Over ten years after I was involved, gaming as a disruptive force in the media landscape has arrived, argues Matthew Ball, a venture capitalist focused on investing in interactive media companies and a former Amazon executive.
Ball goes into great detail in his piece, but, for brevity’s sake, I will isolate, what I believe to be the most fascinating trend that, if it develops robustly, should drive this industry forward rapidly.
The gaming ecosystem is now competitive with bundled television.
Back in 2009, video games suffered from serious limitations of access, discovery and functionality.
In the old days, the only way to play was to purchase the disc online or from your local Gamestop. In the past, the player was completely stuck to a single device in a single location. Not anymore. Now, the emergence of cloud gaming enables players to take the game with them everywhere they go. Further, with cloud memory systems, it is easier than ever to access saved files from a wide range of devices.
Ball writes, “historically, the number of games played and the amount of total play time have been limited by the high barriers to finding and trying a new game - namely a $40-60 price tag plus the need to spend a half-hour downloading a game, or more time literally picking up or receiving a physical copy”. This has changed significantly. Due to improvements in technology, along with a shift in IP attitudes and monetization strategies, the major platform players (Microsoft, Sony, and Apple) offer a bundled, buffet-style offering of many titles for a subscription fee. In theory (and in practice: Microsoft reports that customers of their subscription product increase playtime 40%), users being able to widen their library of games should lead to considerably more engagement not just with the games, but the interactive universes built around this IP.
Finally, games used to have only one function: immersive entertainment. Ball argues that not only have games generally become more immersive through technological improvements, but as Fortnite shows, the function of games has broadened considerably. Now, due to both a large cultural and technological shift, the most successful of games are evolving into their own cultural universes, in which spending time with friends and sharing relevant experiences are paramount.
In the next few years, as gaming properties continue to evolve and fix their sights on conquering the TV industry (Netflix believes one of their biggest risk factors to be the rise of Fortnite), there is much evidence to suggest that, for venture capitalists and founders alike, there will be much value to be captured in the realm of gaming.
Cultural Corner
I love vacations/holiday breaks because, especially in winter, as there is so much time for reading books and watching movies.

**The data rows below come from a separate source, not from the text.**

(* Let $k\ge 2$ and let $p,q$ be real polynomials with $\deg p=k$, $\deg q=k-1$, whose roots are real, simple and strictly interlacing, $p_1<q_1<p_2<\dots<q_{k-1}<p_k$. Then every root $z$ of $W(p,q)=p'q-q'p$ satisfies $\left|z-\frac{p_1+p_k}{2}\right|\le\frac{p_k-p_1}{2}$.
   Context: Here $p_1<\dots<p_k$ are the roots of $p$ and $q_1<\dots<q_{k-1}$ the roots of $q$. *)

From HB Require Import structures.
From mathcomp Require Import all_boot all_order all_algebra.
Set Implicit Arguments. Unset Strict Implicit. Unset Printing Implicit Defensive.
Import Order.TTheory GRing.Theory Num.Theory.
Local Open Scope ring_scope.

Definition Wr (C : ringType) (p q : {poly C}) : {poly C} :=
  p^`() * q - q^`() * p.

From HB Require Import structures.
From mathcomp Require Import all_boot all_order all_algebra.
From mathcomp Require Import ring.
Set Implicit Arguments.
Unset Strict Implicit.
Unset Printing Implicit Defensive.

Import Order.TTheory GRing.Theory Num.Theory.
Local Open Scope ring_scope.

(* Write p = c * prod_i (X - p_i) and P_i = p / (X - p_i).  As deg q < k,
   Lagrange interpolation at the p_i gives q = sum_i l_i P_i with
   l_i = q(p_i) / P_i(p_i), hence W(p, q) = c * sum_i l_i P_i^2, and by
   interlacing every l_i has the sign of the leading coefficient of q.  If z is
   a root outside the disc, conjugating sum_i l_i P_i(z)^2 = 0 and multiplying
   by prod_i (z - p_i)^2 = P_i(z)^2 (z - p_i)^2 gives
   sum_i w_i (u - s_i)^2 = 0 with w_i > 0, u = z - m, s_i = p_i - m, where m
   is the midpoint of [p_1, p_k], so that |s_i| < |u|.  Such a sum cannot
   vanish: for real u all its terms are positive, and otherwise
   u^* S - u S^* = (u - u^* ) sum_i w_i (|u|^2 - s_i^2) with a positive sum. *)

Section Wronskian.
Variable R : comNzRingType.
Implicit Types (c : R) (p q u v : {poly R}).

Lemma WrZl c p q : Wr (c *: p) q = c *: Wr p q.
Proof. by rewrite /Wr derivZ -scalerAl -scalerAr scalerBr. Qed.

Lemma Wr_linearPr p c u v : Wr p (c *: u + v) = c *: Wr p u + Wr p v.
Proof.
rewrite /Wr derivD derivZ -!mul_polyC; ring.
Qed.

Lemma Wr_sumZr (I : Type) (r : seq I) (P : pred I) (a : I -> R)
    (F : I -> {poly R}) p :
  Wr p (\sum_(i <- r | P i) a i *: F i) = \sum_(i <- r | P i) a i *: Wr p (F i).
Proof.
elim/big_rec2: _ => [|i u v _ <-]; last by rewrite Wr_linearPr.
by rewrite /Wr deriv0 mul0r mulr0 subrr.
Qed.

Lemma WrMl u v : Wr (u * v) v = u^`() * v ^+ 2.
Proof. rewrite /Wr derivM; ring. Qed.

End Wronskian.

Lemma size_index_enum (T : finType) : size (index_enum T) = #|T|.
Proof. by rewrite [index_enum T]unlock -enumT -cardT. Qed.

Section ProdXsubCOmit.
Variables (R : comNzRingType) (I : finType) (x : I -> R).

Definition prod_XsubC_omit (i : I) : {poly R} :=
  \prod_(j | j != i) ('X - (x j)%:P).

Lemma prod_XsubC_omitP i :
  \prod_j ('X - (x j)%:P) = ('X - (x i)%:P) * prod_XsubC_omit i.
Proof. exact: bigD1. Qed.

Lemma horner_prod_XsubC_omit i z :
  (prod_XsubC_omit i).[z] = \prod_(j | j != i) (z - x j).
Proof. by rewrite horner_prod; apply: eq_bigr => j _; rewrite hornerXsubC. Qed.

Lemma horner_prod_XsubC_omit_eq0 i j : j != i -> (prod_XsubC_omit i).[x j] = 0.
Proof.
by move=> ji; rewrite horner_prod_XsubC_omit (bigD1 j) //= subrr mul0r.
Qed.

Lemma size_prod_XsubC_omit i : size (prod_XsubC_omit i) = #|I|.
Proof.
have := size_prod_XsubC (index_enum I) x.
rewrite size_index_enum (prod_XsubC_omitP i) mulrC size_Mmonic ?monicXsubC //.
  by rewrite size_XsubC addn2 => -[].
exact/monic_neq0/monic_prod_XsubC.
Qed.

Lemma Wr_prod_XsubC_omit (c : I -> R) :
  Wr (\prod_j ('X - (x j)%:P)) (\sum_i c i *: prod_XsubC_omit i) =
  \sum_i c i *: prod_XsubC_omit i ^+ 2.
Proof.
rewrite Wr_sumZr; apply: eq_bigr => i _.
by rewrite (prod_XsubC_omitP i) WrMl derivXsubC mul1r.
Qed.

End ProdXsubCOmit.

Section Interpolation.
Variables (K : fieldType) (I : finType) (x : I -> K).
Hypothesis x_inj : injective x.
Local Notation P := (prod_XsubC_omit x).

Lemma uniq_map_index_enum : uniq (map x (index_enum I)).
Proof. by rewrite map_inj_uniq ?index_enum_uniq. Qed.

Lemma horner_prod_XsubC_omit_neq0 i : (P i).[x i] != 0.
Proof.
rewrite horner_prod_XsubC_omit; apply/prodf_neq0 => j ji.
by rewrite subr_eq0 eq_sym (inj_eq x_inj).
Qed.

Lemma lagrange_interpolation (p : {poly K}) : (size p <= #|I|)%N ->
  p = \sum_i (p.[x i] / (P i).[x i]) *: P i.
Proof.
move=> size_p; apply/eqP; rewrite -subr_eq0; apply/negPn/negP => r_neq0.
set r := p - _ in r_neq0.
have r_roots : all (root r) (map x (index_enum I)).
  apply/allP => _ /mapP[i _ ->].
  rewrite /root hornerD hornerN horner_sum (bigD1 i) //= hornerZ.
  rewrite big1 ?addr0 ?divfK ?horner_prod_XsubC_omit_neq0 ?subrr // => j ji.
  by rewrite hornerZ (@horner_prod_XsubC_omit_eq0 _ _ _ j i) ?mulr0 // eq_sym.
have size_r : (size r <= #|I|)%N.
  rewrite (leq_trans (size_polyD _ _)) // geq_max size_p size_polyN /=.
  apply: leq_trans (size_sum _ _ _) _; apply/bigmax_leqP => i _.
  by rewrite (leq_trans (size_scale_leq _ _)) ?size_prod_XsubC_omit.
have := max_poly_roots r_neq0 r_roots uniq_map_index_enum.
by rewrite size_map size_index_enum ltnNge size_r.
Qed.

Lemma Wr_lagrange (c : K) (q : {poly K}) : (size q <= #|I|)%N ->
  Wr (c *: \prod_i ('X - (x i)%:P)) q =
  c *: \sum_i (q.[x i] / (P i).[x i]) *: P i ^+ 2.
Proof.
move=> size_q.
by rewrite WrZl {1}(lagrange_interpolation size_q) Wr_prod_XsubC_omit.
Qed.

Lemma prod_XsubC_roots (p : {poly K}) :
  size p = #|I|.+1 -> (forall i, root p (x i)) ->
  p = lead_coef p *: \prod_i ('X - (x i)%:P).
Proof.
move=> size_p p_roots.
have map_roots : all (root p) (map x (index_enum I)).
  by apply/allP => _ /mapP[i _ ->].
have uniq_rs : uniq_roots (map x (index_enum I)).
  by rewrite uniq_rootsE uniq_map_index_enum.
have [r pE] := uniq_roots_prod_XsubC map_roots uniq_rs.
rewrite big_map in pE.
have r_neq0 : r != 0.
  by apply: contra_eqN size_p => /eqP r0; rewrite pE r0 mul0r size_poly0.
have /size_poly1P[c _ rE] : size r == 1%N.
  move: size_p; rewrite pE size_Mmonic ?monic_prod_XsubC //.
  rewrite size_prod_XsubC size_index_enum addnS /= -add1n => /eqP.
  by rewrite eqn_add2r.
by rewrite pE rE lead_coef_Mmonic ?monic_prod_XsubC // lead_coefC mul_polyC.
Qed.

End Interpolation.

Lemma midpoint_subE (R : numFieldType) (lo hi x : R) :
  x - (lo + hi) / 2 = ((x - lo) - (hi - x)) / 2.
Proof. by field. Qed.

Lemma midpoint_sub_real (R : numFieldType) (lo hi x : R) :
  lo <= x -> x <= hi -> x - (lo + hi) / 2 \is Num.real.
Proof.
move=> lo_x x_hi; rewrite midpoint_subE rpredM ?rpredV ?rpred_nat //.
by rewrite rpredB // ger0_real // subr_ge0.
Qed.

Lemma ler_dist_midpoint (R : numFieldType) (lo hi x : R) :
  lo <= x -> x <= hi -> `|x - (lo + hi) / 2| <= (hi - lo) / 2.
Proof.
move=> lo_x x_hi.
rewrite midpoint_subE normrM normfV normr_nat ler_pM2r ?invr_gt0 ?ltr0n //.
rewrite (le_trans (ler_normB _ _)) // !ger0_norm ?subr_ge0 //.
by rewrite addrC addrA subrK.
Qed.

Section PositiveWeights.
Variables (C : numClosedFieldType) (I : finType) (i0 : I).

Let psumr_gt0_neq0 (F : I -> C) : (forall i, 0 < F i) -> \sum_i F i != 0.
Proof.
move=> F_gt0; rewrite psumr_neq0 => [|i _]; last exact: ltW.
by apply/hasP; exists i0; rewrite ?mem_index_enum ?F_gt0.
Qed.

Lemma sum_sqr_neq0 (w s : I -> C) (u : C) :
  (forall i, 0 < w i) -> (forall i, s i \is Num.real) ->
  (forall i, `|s i| < `|u|) ->
  \sum_i w i * (u - s i) ^+ 2 != 0.
Proof.
move=> w_gt0 s_real s_lt_u.
have us_neq0 i : u - s i != 0.
  by rewrite subr_eq0; apply: contraTneq (s_lt_u i) => ->; rewrite ltxx.
have [u_real|] := boolP (u \is Num.real).
  apply: psumr_gt0_neq0 => i; rewrite mulr_gt0 //.
  by rewrite real_exprn_even_gt0 ?rpredB // us_neq0 orbT.
apply: contraNN => /eqP S0; rewrite CrealE eq_sym -subr_eq0.
have S0conj : \sum_i w i * (u^* - s i) ^+ 2 = 0.
  have := congr1 Num.conj S0; rewrite rmorph0 rmorph_sum => conjS0.
  rewrite -[RHS]conjS0; apply: eq_bigr => i _.
  by rewrite rmorphM rmorphXn rmorphB /= (conj_Creal (s_real i))
    (conj_Creal (gtr0_real (w_gt0 i))).
have : (u - u^*) * \sum_i w i * (u * u^* - s i ^+ 2) == 0.
  apply/eqP; transitivity (u^* * \sum_i w i * (u - s i) ^+ 2
                           - u * \sum_i w i * (u^* - s i) ^+ 2).
    by rewrite !mulr_sumr -sumrB; apply: eq_bigr => i _; ring.
  by rewrite S0 S0conj !mulr0 subrr.
rewrite mulf_eq0 => /orP[//|]; apply: contraLR => _.
apply: psumr_gt0_neq0 => i; rewrite mulr_gt0 // subr_gt0 -normCK.
by rewrite -real_normK // ltrXn2r.
Qed.

Lemma sum_sqr_horner_prod_XsubC_omit_neq0 (e a : I -> C) (m z : C) :
  (forall i, 0 < e i) -> (forall i, a i - m \is Num.real) ->
  (forall i, `|a i - m| < `|z - m|) ->
  \sum_i e i * (prod_XsubC_omit a i).[z] ^+ 2 != 0.
Proof.
move=> e_gt0 a_real a_lt_z.
pose Q i := (prod_XsubC_omit a i).[z].
have za_neq0 i : z - a i != 0.
  by rewrite subr_eq0; apply: contraTneq (a_lt_z i) => ->; rewrite ltxx.
have Q_neq0 i : Q i != 0.
  by rewrite /Q horner_prod_XsubC_omit; apply/prodf_neq0 => j _.
have QE i : Q i * (z - a i) = \prod_j (z - a j).
  rewrite /Q mulrC -hornerXsubC -hornerM -prod_XsubC_omitP horner_prod.
  by apply: eq_bigr => j _; rewrite hornerXsubC.
have w_gt0 i : 0 < e i * ((Q i)^* * Q i) ^+ 2.
  by rewrite mulr_gt0 // exprn_gt0 // -normCKC exprn_gt0 // normr_gt0.
have := sum_sqr_neq0 w_gt0 a_real a_lt_z.
apply: contraNneq => S0; apply/eqP.
transitivity ((\prod_j (z - a j)) ^+ 2 * (\sum_i e i * Q i ^+ 2)^*).
  rewrite rmorph_sum mulr_sumr; apply: eq_bigr => i _.
  rewrite rmorphM rmorphXn /= (conj_Creal (gtr0_real (e_gt0 i))) -(QE i).
  ring.
by rewrite S0 rmorph0 mulr0.
Qed.

Lemma sum_sqr_horner_prod_XsubC_omit_root (e a : I -> C) (lo hi z : C) :
  (forall i, 0 < e i) -> (forall i, lo <= a i <= hi) ->
  \sum_i e i * (prod_XsubC_omit a i).[z] ^+ 2 = 0 ->
  `|z - (lo + hi) / 2| <= (hi - lo) / 2.
Proof.
move=> e_gt0 a_in S0.
have a_mid i : `|a i - (lo + hi) / 2| <= (hi - lo) / 2.
  by have /andP[] := a_in i; apply: ler_dist_midpoint.
have r_ge0 : 0 <= (hi - lo) / 2 := le_trans (normr_ge0 _) (a_mid i0).
rewrite real_leNgt ?normr_real ?ger0_real //; apply/negP => lt_z.
move/eqP: S0; apply/negP; apply: sum_sqr_horner_prod_XsubC_omit_neq0 e_gt0 _ _.
  by move=> i; have /andP[] := a_in i; apply: midpoint_sub_real.
by move=> i; apply: le_lt_trans (a_mid i) lt_z.
Qed.

End PositiveWeights.

Lemma big_ord_omit (R : Type) (idx : R) (op : Monoid.com_law idx) n
    (i : 'I_n.+1) (F : 'I_n.+1 -> R) :
  \big[op/idx]_(l | l != i) F l = \big[op/idx]_(k < n) F (lift i k).
Proof.
rewrite (reindex_omap (lift i) (unlift i)) /=.
  by apply: eq_bigl => k; rewrite eq_sym neq_lift liftK eqxx.
by move=> l; case: unliftP => [k ->|->]; rewrite ?eqxx.
Qed.

Lemma inj_ord_homo_lt (d : Order.disp_t) (T : porderType d) m (f : 'I_m -> T) :
  (forall i j : 'I_m, (i < j)%N -> (f i < f j)%O) -> injective f.
Proof.
move=> f_lt i j; apply: contra_eq; rewrite -val_eqE neq_ltn => /orP[] /f_lt.
  by move/lt_eqF ->.
by move/gt_eqF ->.
Qed.

Section Interlacing.
Variables (R : numFieldType) (n : nat) (a b : seq R).
Hypothesis interlace : forall i, (i < n)%N -> a`_i < b`_i /\ b`_i < a`_i.+1.

Lemma interlace_lt i j : (i < j <= n)%N -> a`_i < a`_j.
Proof.
move=> /andP[lt_ij le_jn].
apply: (@homo_ltn_in _ [pred k | k <= n]%N (nth 0 a) _ lt_trans) => //=.
  by move=> k l _ le_ln m /andP[_ /ltnW le_ml]; apply: leq_trans le_ml le_ln.
  by move=> k _ /interlace[lt_ab lt_ba]; apply: lt_trans lt_ba.
by apply: leq_trans le_jn; apply: ltnW.
Qed.

Lemma interlace_le i j : (i <= j <= n)%N -> a`_i <= a`_j.
Proof.
rewrite leq_eqVlt => /andP[/orP[/eqP-> //|lt_ij] le_jn].
by apply/ltW/interlace_lt; rewrite lt_ij.
Qed.

Lemma interlace_lt_ab i j : (i <= j < n)%N -> a`_i < b`_j.
Proof.
move=> /andP[le_ij lt_jn]; have [lt_ab _] := interlace lt_jn.
by apply: le_lt_trans lt_ab; rewrite interlace_le // le_ij ltnW.
Qed.

Lemma interlace_lt_ba i j : (j < i <= n)%N -> b`_j < a`_i.
Proof.
move=> /andP[lt_ji le_in]; have [_ lt_ba] := interlace (leq_trans lt_ji le_in).
by apply: lt_le_trans lt_ba _; rewrite interlace_le // lt_ji.
Qed.

Lemma interlace_lt_bb i j : (i < j < n)%N -> b`_i < b`_j.
Proof.
move=> /andP[lt_ij lt_jn]; apply: (@lt_trans _ _ a`_j).
  by apply: interlace_lt_ba; rewrite lt_ij ltnW.
by apply: interlace_lt_ab; rewrite leqnn.
Qed.

Lemma interlace_inj_a : injective (fun i : 'I_n.+1 => a`_i).
Proof.
apply: inj_ord_homo_lt => i j lt_ij.
by apply: interlace_lt; rewrite lt_ij -ltnS ltn_ord.
Qed.

Lemma interlace_inj_b : injective (fun j : 'I_n => b`_j).
Proof.
apply: inj_ord_homo_lt => i j lt_ij.
by apply: interlace_lt_bb; rewrite lt_ij ltn_ord.
Qed.

(* Pair the factors a_i - b_j and a_i - a_(lift i j) of the two products: both
   are positive for j < i and both are negative for j >= i. *)
Lemma interlace_lagrange_coef_gt0 (d : R) (i : 'I_n.+1) :
  d \is Num.real -> d != 0 ->
  0 < d * ((d *: \prod_(j < n) ('X - (b`_j)%:P)).[a`_i] /
           (prod_XsubC_omit (fun l : 'I_n.+1 => a`_l) i).[a`_i]).
Proof.
move=> d_real d_neq0; rewrite hornerZ -mulrA (mulrA d d) -expr2 mulr_gt0 //.
  by rewrite real_exprn_even_gt0 // d_neq0 orbT.
rewrite horner_prod_XsubC_omit horner_prod big_ord_omit -prodf_div.
apply: prodr_gt0 => j _; rewrite hornerXsubC /=.
have [le_ij|lt_ji] := leqP i j.
  rewrite /bump le_ij add1n -divrNN !opprB divr_gt0 // subr_gt0.
    by apply: interlace_lt_ab; rewrite le_ij ltn_ord.
  by apply: interlace_lt; rewrite ltnS le_ij ltn_ord.
have lt_in : (i <= n)%N by rewrite -ltnS ltn_ord.
rewrite /bump leqNgt lt_ji add0n divr_gt0 // subr_gt0.
  by apply: interlace_lt_ba; rewrite lt_ji.
by apply: interlace_lt; rewrite lt_ji.
Qed.

End Interlacing.

Theorem lemma1 (C : numClosedFieldType) (k : nat) (p q : {poly C})
    (ps qs : seq C) :
  (2 <= k)%N ->
  p \is a polyOver Num.real -> q \is a polyOver Num.real ->
  size p = k.+1 -> size q = k ->
  size ps = k -> size qs = k.-1 ->
  all (fun x => x \is Num.real) ps -> all (fun x => x \is Num.real) qs ->
  all (root p) ps -> all (root q) qs ->
  (forall i, (i < k.-1)%N -> ps`_i < qs`_i /\ qs`_i < ps`_i.+1) ->
  forall z : C, root (Wr p q) z ->
    `|z - (ps`_0 + ps`_k.-1) / 2| <= (ps`_k.-1 - ps`_0) / 2.
Proof.
move=> k_ge2 _ q_real size_p size_q size_ps size_qs _ _ p_roots q_roots.
case: k k_ge2 size_p size_q size_ps size_qs => [//|n] _.
move=> size_p size_q size_ps size_qs /= interlace z Wz.
pose a (i : 'I_n.+1) := ps`_i; pose b (j : 'I_n) := qs`_j.
have a_inj : injective a := interlace_inj_a interlace.
have b_inj : injective b := interlace_inj_b interlace.
pose P := prod_XsubC_omit a; pose c i := q.[a i] / (P i).[a i].
have pE : p = lead_coef p *: \prod_i ('X - (a i)%:P).
  apply: (prod_XsubC_roots a_inj); first by rewrite card_ord.
  by move=> i; apply: (all_nthP 0 p_roots); rewrite size_ps.
have qE : q = lead_coef q *: \prod_j ('X - (b j)%:P).
  apply: (prod_XsubC_roots b_inj); first by rewrite card_ord.
  by move=> j; apply: (all_nthP 0 q_roots); rewrite size_qs.
have WE : Wr p q = lead_coef p *: \sum_i c i *: P i ^+ 2.
  by rewrite {1}pE (Wr_lagrange a_inj) // size_q card_ord.
have c_gt0 i : 0 < lead_coef q * c i.
  rewrite /c {2}qE interlace_lagrange_coef_gt0 //.
    by rewrite lead_coefE (polyOverP q_real).
  by rewrite lead_coef_eq0 -size_poly_eq0 size_q.
apply: (sum_sqr_horner_prod_XsubC_omit_root ord0 c_gt0 (a := a)) => [i|].
  have i_le : (i <= n)%N by rewrite -ltnS.
  by rewrite /a !(interlace_le interlace) //; rewrite i_le ?leq0n ?leqnn.
have lp_neq0 : lead_coef p != 0 by rewrite lead_coef_eq0 -size_poly_eq0 size_p.
transitivity (lead_coef q / lead_coef p * (Wr p q).[z]); last first.
  by rewrite (rootP Wz) mulr0.
rewrite WE hornerZ horner_sum mulrA divfK // mulr_sumr.
by apply: eq_bigr => i _; rewrite hornerZ horner_exp [RHS]mulrA.
Qed.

I have been enjoying some great fiction in the last two weeks. My two favorites of the four I have read thus far are The Elementary Particles by Michel Houellebecq and Other Men’s Daughters by Richard Stern. Quick notes on each to follow:
Whew, where to start with Elementary Particles. Truly an insane book, it is extremely French. Lots of sex, lots of pessimism, lots of misery, all rendered hilariously. The form of the plot is rather clever and society is heavily critiqued throughout, especially hippies. Just great.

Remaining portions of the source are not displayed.